Tag Archives: Bush

Big Coal Against the Ropes – From Kansas to Wall Street

So far, 2008 has been a rough year for the coal industry. Just 24 hours after Bush touted clean coal in his January State of the Union address, the Department of Energy pulled the plug on the ambitious FutureGen project, which aimed to build the first zero-emissions coal plant.

Days later, major banks such as Citigroup and Morgan Stanley, stated their concern over coal’s enormous carbon footprint with emissions caps on the horizon, a consideration that “make[s] it less likely the banks will finance other coal-fired plants.”

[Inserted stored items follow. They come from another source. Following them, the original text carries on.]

(* Consider the problem $$\min_{L,W}\ \|L\|_*+\lambda_w\|W\|_1\quad\text{s.t.}\quad (1-W)\circ(X-L)=0,\ W\in[0,1]^{mn\times k},$$ with data $X\in\mathbb{R}^{mn\times k}$ and $\lambda_w>0$, and its augmented Lagrangian (with $\rho_x>0$) $$\mathcal{L}(L,W,U_x)=\|L\|_*+\lambda_w\|W\|_1+\iota_{[0,1]}(W)+\langle U_x,(1-W)\circ(L-X)\rangle+\frac{\rho_x}{2}\|(1-W)\circ(L-X)\|^2 .$$ Let $\{(L^i,W^i,U_x^i)\}_{i\ge0}$ be generated, with proximal parameters $\tau_L>0,\tau_W>0$ and initialization $W^0=0$, $U_x^0=0$ and some $L^0$, by the iteration $$L^{i+1}=\arg\min_L \|L\|_*+\frac{\rho_x}{2\tau_L}\big\|L-(L^i-\tau_L\Lambda_L^i)\big\|^2=\mathcal{D}\Big(L^i-\tau_L\Lambda_L^i,\tfrac{\tau_L}{\rho_x}\Big),$$ $$W^{i+1}=\arg\min_W \lambda_w\|W\|_1+\iota_{[0,1]}(W)+\frac{\rho_x}{2\tau_W}\big\|W-(W^i-\tau_W\Lambda_W^i)\big\|^2=\Pi_{[0,1]}\Big[\mathrm{soft}\Big(W^i-\tau_W\Lambda_W^i,\tfrac{\lambda_w\tau_W}{\rho_x}\Big)\Big],$$ $$U_x^{i+1}=U_x^i+\rho_x\big((1-W^{i+1})\circ(L^{i+1}-X)\big),$$ where $\Lambda_L^i=(1-W^i)\circ\big((L^i-X)\circ(1-W^i)+U_x^i/\rho_x\big)$ and $\Lambda_W^i=(X-L^{i+1})\circ\big((L^{i+1}-X)\circ(1-W^i)+U_x^i/\rho_x\big)$. Suppose that $\|U_x^{i+1}-U_x^i\|\to0$. Then $\nabla_{U_x}\mathcal{L}(L^i,W^i,U_x^i)\to0$, and every limit point $(L^\infty,W^\infty)$ of the sequence $\{(L^i,W^i)\}_{i\ge0}$ is feasible for the problem above, i.e. $W^\infty\in[0,1]^{mn\times k}$ and $(1-W^\infty)\circ(X-L^\infty)=0$.
   Context: $\|\cdot\|_*$ nuclear norm; $\|\cdot\|_1$ entrywise $\ell_1$ norm; $\|\cdot\|$ Frobenius norm; $\langle\cdot,\cdot\rangle$ the Frobenius inner product; $\circ$ entrywise product; $1$ the all-ones matrix; $\iota_{[0,1]}(W)=0$ if all entries of $W$ lie in $[0,1]$ and $+\infty$ otherwise. $\mathcal{D}(Y,\delta)=U(\Sigma-\delta I)_+V^T$ for an SVD $Y=U\Sigma V^T$ (singular value thresholding, $(a)_+=\max\{0,a\}$). $\mathrm{soft}(Y,t)$ is entrywise soft-thresholding $\mathrm{sign}(Y_{ij})\max\{|Y_{ij}|-t,0\}$, and $\Pi_{[0,1]}$ is entrywise projection onto $[0,1]$. *)

From HB Require Import structures.
From mathcomp Require Import all_boot all_order all_algebra.
From mathcomp Require Import reals.
Set Implicit Arguments. Unset Strict Implicit. Unset Printing Implicit Defensive.
Import Order.TTheory GRing.Theory Num.Theory.
Local Open Scope ring_scope.

Section Defs.
Variable R : realType.

Definition hadm p q (A B : 'M[R]_(p, q)) : 'M[R]_(p, q) :=
  \matrix_(i, j) (A i j * B i j).

Definition onesm p q : 'M[R]_(p, q) := const_mx 1.

Definition frob_dot p q (A B : 'M[R]_(p, q)) : R := \sum_i \sum_j A i j * B i j.
Definition frob p q (A : 'M[R]_(p, q)) : R := Num.sqrt (frob_dot A A).

Definition pos_part (a : R) : R := Num.max 0 a.

Definition soft p q (Y : 'M[R]_(p, q)) (t : R) : 'M[R]_(p, q) :=
  \matrix_(i, j) (Num.sg (Y i j) * pos_part (`|Y i j| - t)).

Definition proj01 p q (Y : 'M[R]_(p, q)) : 'M[R]_(p, q) :=
  \matrix_(i, j) Num.min 1 (Num.max 0 (Y i j)).

Definition in01 p q (W : 'M[R]_(p, q)) : Prop :=
  forall i j, 0 <= W i j <= 1.

Definition orthogonal_mx p (Q : 'M[R]_p) : Prop := Q^T *m Q = 1%:M.

Definition is_svd p q (Y : 'M[R]_(p, q)) (U : 'M[R]_p) (S : 'M[R]_(p, q))
    (V : 'M[R]_q) : Prop :=
  [/\ orthogonal_mx U, orthogonal_mx V,
      (forall (i : 'I_p) (j : 'I_q), (i : nat) <> j -> S i j = 0),
      (forall (i : 'I_p) (j : 'I_q), 0 <= S i j) &
      Y = U *m S *m V^T].

Definition shrink_diag p q (S : 'M[R]_(p, q)) (d : R) : 'M[R]_(p, q) :=
  \matrix_(i, j) pos_part (S i j - (if (i : nat) == j then d else 0)).

(* singular value thresholding: Z = D(Y, d) = U (Sigma - d I)_+ V^T
   for an SVD Y = U Sigma V^T (the result is independent of the SVD chosen) *)
Definition is_svt p q (Y : 'M[R]_(p, q)) (d : R) (Z : 'M[R]_(p, q)) : Prop :=
  exists U S V, is_svd Y U S V /\ Z = U *m shrink_diag S d *m V^T.

(* gradient of the augmented Lagrangian w.r.t. U_x:
   L(L,W,U) is affine in U with linear part <U, (1-W) o (L-X)>,
   so grad_U L(L,W,U) = (1-W) o (L-X). *)
Definition grad_Ux p q (X L W : 'M[R]_(p, q)) : 'M[R]_(p, q) :=
  hadm (onesm p q - W) (L - X).

Definition LambdaL p q (rho : R) (X L W U : 'M[R]_(p, q)) : 'M[R]_(p, q) :=
  hadm (onesm p q - W) (hadm (L - X) (onesm p q - W) + rho^-1 *: U).
Definition LambdaW p q (rho : R) (X Lnext W U : 'M[R]_(p, q)) : 'M[R]_(p, q) :=
  hadm (X - Lnext) (hadm (Lnext - X) (onesm p q - W) + rho^-1 *: U).

Definition admm_iterates p q (X : 'M[R]_(p, q)) (lamw rho tauL tauW : R)
    (L W U : nat -> 'M[R]_(p, q)) : Prop :=
  [/\ W 0%N = 0, U 0%N = 0 &
  forall i : nat,
    [/\ is_svt (L i - tauL *: LambdaL rho X (L i) (W i) (U i)) (tauL / rho)
               (L i.+1),
        W i.+1 = proj01 (soft (W i - tauW *: LambdaW rho X (L i.+1) (W i) (U i))
                              (lamw * tauW / rho)) &
        U i.+1 = U i + rho *: hadm (onesm p q - W i.+1) (L i.+1 - X)]].

Definition tends_to_zero p q (A : nat -> 'M[R]_(p, q)) : Prop :=
  forall eps : R, 0 < eps -> exists N : nat, forall i, (N <= i)%N -> frob (A i) < eps.

Definition limit_point p q (L W : nat -> 'M[R]_(p, q)) (Linf Winf : 'M[R]_(p, q))
  : Prop :=
  forall eps : R, 0 < eps -> forall N : nat, exists i, (N <= i)%N /\
    frob (L i - Linf) < eps /\ frob (W i - Winf) < eps.

End Defs.

From HB Require Import structures.
From mathcomp Require Import all_boot all_order all_algebra.
From mathcomp Require Import reals.
From mathcomp Require Import ring lra.
Set Implicit Arguments. Unset Strict Implicit. Unset Printing Implicit Defensive.
Import Order.TTheory GRing.Theory Num.Theory.
Local Open Scope ring_scope.

(* The multiplier update makes [rho^-1 (U_{i+1} - U_i)] exactly the constraint
   residual [(1 - W_{i+1}) o (L_{i+1} - X)], so the residual vanishes in the
   limit.  The [W]-update ends with a projection, so every [W_i] lies in the
   closed box [[0,1]], and so do its limit points.  Finally the residual is
   jointly continuous in [(L, W)]: along a subsequence approaching
   [(Linf, Winf)] it tends both to [0] and to [(1 - Winf) o (Linf - X)]. *)

Section MatrixSequences.
Variables (R : realType) (p q : nat).

Lemma entry_le_frob (A : 'M[R]_(p, q)) a b : `|A a b| <= frob A.
Proof.
rewrite /frob /frob_dot -sqrtr_sqr ler_wsqrtr // (bigD1 a) //= (bigD1 b) //=.
rewrite -expr2 -addrA lerDl addr_ge0 ?sumr_ge0 // => [j _ | i _].
  by rewrite -expr2 sqr_ge0.
by rewrite sumr_ge0 // => j _; rewrite -expr2 sqr_ge0.
Qed.

Lemma frobZ (c : R) (A : 'M[R]_(p, q)) : frob (c *: A) = `|c| * frob A.
Proof.
rewrite /frob /frob_dot -sqrtr_sqr -sqrtrM ?sqr_ge0 // mulr_sumr.
congr Num.sqrt; apply: eq_bigr => i _; rewrite mulr_sumr.
by apply: eq_bigr => j _; rewrite !mxE; ring.
Qed.

Lemma tends_to_zeroZ (c : R) (A : nat -> 'M[R]_(p, q)) :
  tends_to_zero A -> tends_to_zero (fun i => c *: A i).
Proof.
move=> A0 e e_gt0; have c1_gt0 : 0 < `|c| + 1 by rewrite ltr_pwDr.
have [N AN] := A0 _ (divr_gt0 e_gt0 c1_gt0).
exists N => i /AN Ai; rewrite frobZ.
apply: (le_lt_trans (ler_wpM2l (normr_ge0 c) (ltW Ai))).
by rewrite mulrA ltr_pdivrMr // mulrDr mulr1 mulrC ltrDl.
Qed.

Lemma tends_to_zeroS (A B : nat -> 'M[R]_(p, q)) :
  (forall i, A i.+1 = B i) -> tends_to_zero B -> tends_to_zero A.
Proof.
move=> AB B0 e /B0[N BN]; exists N.+1 => -[|i] // Ni.
by rewrite AB; apply: BN.
Qed.

Lemma in01_proj01 (Y : 'M[R]_(p, q)) : in01 (proj01 Y).
Proof. by move=> i j; rewrite mxE le_min ler01 le_max lexx ge_min lexx. Qed.

Lemma limit_point_entry (L W : nat -> 'M[R]_(p, q)) Linf Winf a b e N :
  limit_point L W Linf Winf -> 0 < e ->
  exists i, [/\ (N <= i)%N, `|L i a b - Linf a b| < e & `|W i a b - Winf a b| < e].
Proof.
move=> LW e_gt0; have [i [Ni [Li Wi]]] := LW e e_gt0 N.
exists i; split=> //.
  by have := le_lt_trans (entry_le_frob _ a b) Li; rewrite !mxE.
by have := le_lt_trans (entry_le_frob _ a b) Wi; rewrite !mxE.
Qed.

Lemma in01_limit_point (L W : nat -> 'M[R]_(p, q)) Linf Winf :
  (forall i, in01 (W i)) -> limit_point L W Linf Winf -> in01 Winf.
Proof.
move=> W01 LW a b; apply/andP; split; apply/ler_addgt0Pr => e e_gt0;
  have [i [_ _ Wi]] := limit_point_entry a b 0 LW e_gt0;
  have /andP[Wi_ge0 Wi_le1] := W01 i a b;
  move: Wi; rewrite ltr_distl => /andP[]; lra.
Qed.

Lemma residual_gap_le (w w' l l' x : R) : 0 <= w <= 1 ->
  `|(1 - w') * (x - l')| <= `|(1 - w) * (l - x)| + `|l - l'| + `|w - w'| * `|l' - x|.
Proof.
move=> /andP[w_ge0 w_le1].
have -> : (1 - w') * (x - l') =
    - ((1 - w) * (l - x) - (1 - w) * (l - l') + (w - w') * (l' - x)) by ring.
rewrite normrN -normrM; apply: (le_trans (ler_normD _ _)); rewrite lerD2r.
apply: (le_trans (ler_normB _ _)); rewrite lerD2l normrM ler_piMl //.
by rewrite ler_norml; lra.
Qed.

Lemma residual_limit_point (X : 'M[R]_(p, q)) (L W : nat -> 'M[R]_(p, q))
    Linf Winf :
  (forall i, in01 (W i)) -> tends_to_zero (fun i => grad_Ux X (L i) (W i)) ->
  limit_point L W Linf Winf -> hadm (@onesm R p q - Winf) (X - Linf) = 0.
Proof.
move=> W01 grad0 LW; apply/matrixP => a b; rewrite !mxE.
apply/eqP; rewrite -normr_le0; apply/ler_addgt0Pr => e e_gt0; rewrite add0r.
set K := 2 + `|Linf a b - X a b|.
have K_gt0 : 0 < K by rewrite ltr_pwDl.
have d_gt0 : 0 < e / K by rewrite divr_gt0.
have [N gradN] := grad0 _ d_gt0.
have [i [Ni Li Wi]] := limit_point_entry a b N LW d_gt0.
have gradi := le_lt_trans (entry_le_frob _ a b) (gradN i Ni); rewrite !mxE in gradi.
apply: (le_trans (residual_gap_le _ (L i a b) _ _ (W01 i a b))).
have -> : e = e / K + e / K + e / K * `|Linf a b - X a b|.
  by rewrite /K; field; rewrite gt_eqF.
apply: lerD (lerD (ltW gradi) (ltW Li)) _.
by rewrite ler_wpM2r // ltW.
Qed.

End MatrixSequences.

Section Iterates.
Variables (R : realType) (p q : nat) (X : 'M[R]_(p, q)).
Variables (lamw rho tauL tauW : R) (L W U : nat -> 'M[R]_(p, q)).
Hypothesis iterates : admm_iterates X lamw rho tauL tauW L W U.

Lemma admm_W_in01 i : in01 (W i).
Proof.
have [W0 _ step] := iterates; case: i => [|i].
  by move=> a b; rewrite W0 mxE lexx ler01.
by have [_ -> _] := step i; apply: in01_proj01.
Qed.

Lemma admm_grad_Ux i : rho != 0 ->
  grad_Ux X (L i.+1) (W i.+1) = rho^-1 *: (U i.+1 - U i).
Proof.
have [_ _ step] := iterates; have [_ _ ->] := step i => rho_neq0.
by rewrite addrC addKr scalerA mulVf // scale1r.
Qed.

End Iterates.

Theorem proposition3 (R : realType) (m n k : nat) (X : 'M[R]_(m * n, k))
    (lamw rho tauL tauW : R) (L W U : nat -> 'M[R]_(m * n, k)) :
  0 < lamw -> 0 < rho -> 0 < tauL -> 0 < tauW ->
  admm_iterates X lamw rho tauL tauW L W U ->
  tends_to_zero (fun i => U i.+1 - U i) ->
  tends_to_zero (fun i => grad_Ux X (L i) (W i)) /\
  (forall Linf Winf, limit_point L W Linf Winf ->
     in01 Winf /\ hadm (@onesm R (m * n) k - Winf) (X - Linf) = 0).
Proof.
move=> _ rho_gt0 _ _ iterates dU0.
have W01 := admm_W_in01 iterates.
have grad0 : tends_to_zero (fun i => grad_Ux X (L i) (W i)).
  apply: tends_to_zeroS (tends_to_zeroZ rho^-1 dU0) => i.
  by rewrite (admm_grad_Ux iterates) ?gt_eqF.
split=> // Linf Winf LW; split.
  exact: in01_limit_point LW.
exact: residual_limit_point LW.
Qed.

The next week, Bank of America agreed that coal plants were a bad investment. Soon after, the New York Times reported, “With opposition to coal plants rising across the country — including a statement by three investment banks … saying they are wary of financing new ones,” utilities “are turning to natural gas to meet expected growth in demand.”

Big Coal is now making a stand in Kansas, where it has been trying to get approval for two new coal plants near Holcomb, KS — a fight that has been marked by contention since Kansas’ Department of Health and Environment denied the necessary air quality permits in October. The coal industry is desperate for a win in a year that, so far, has brought bad news.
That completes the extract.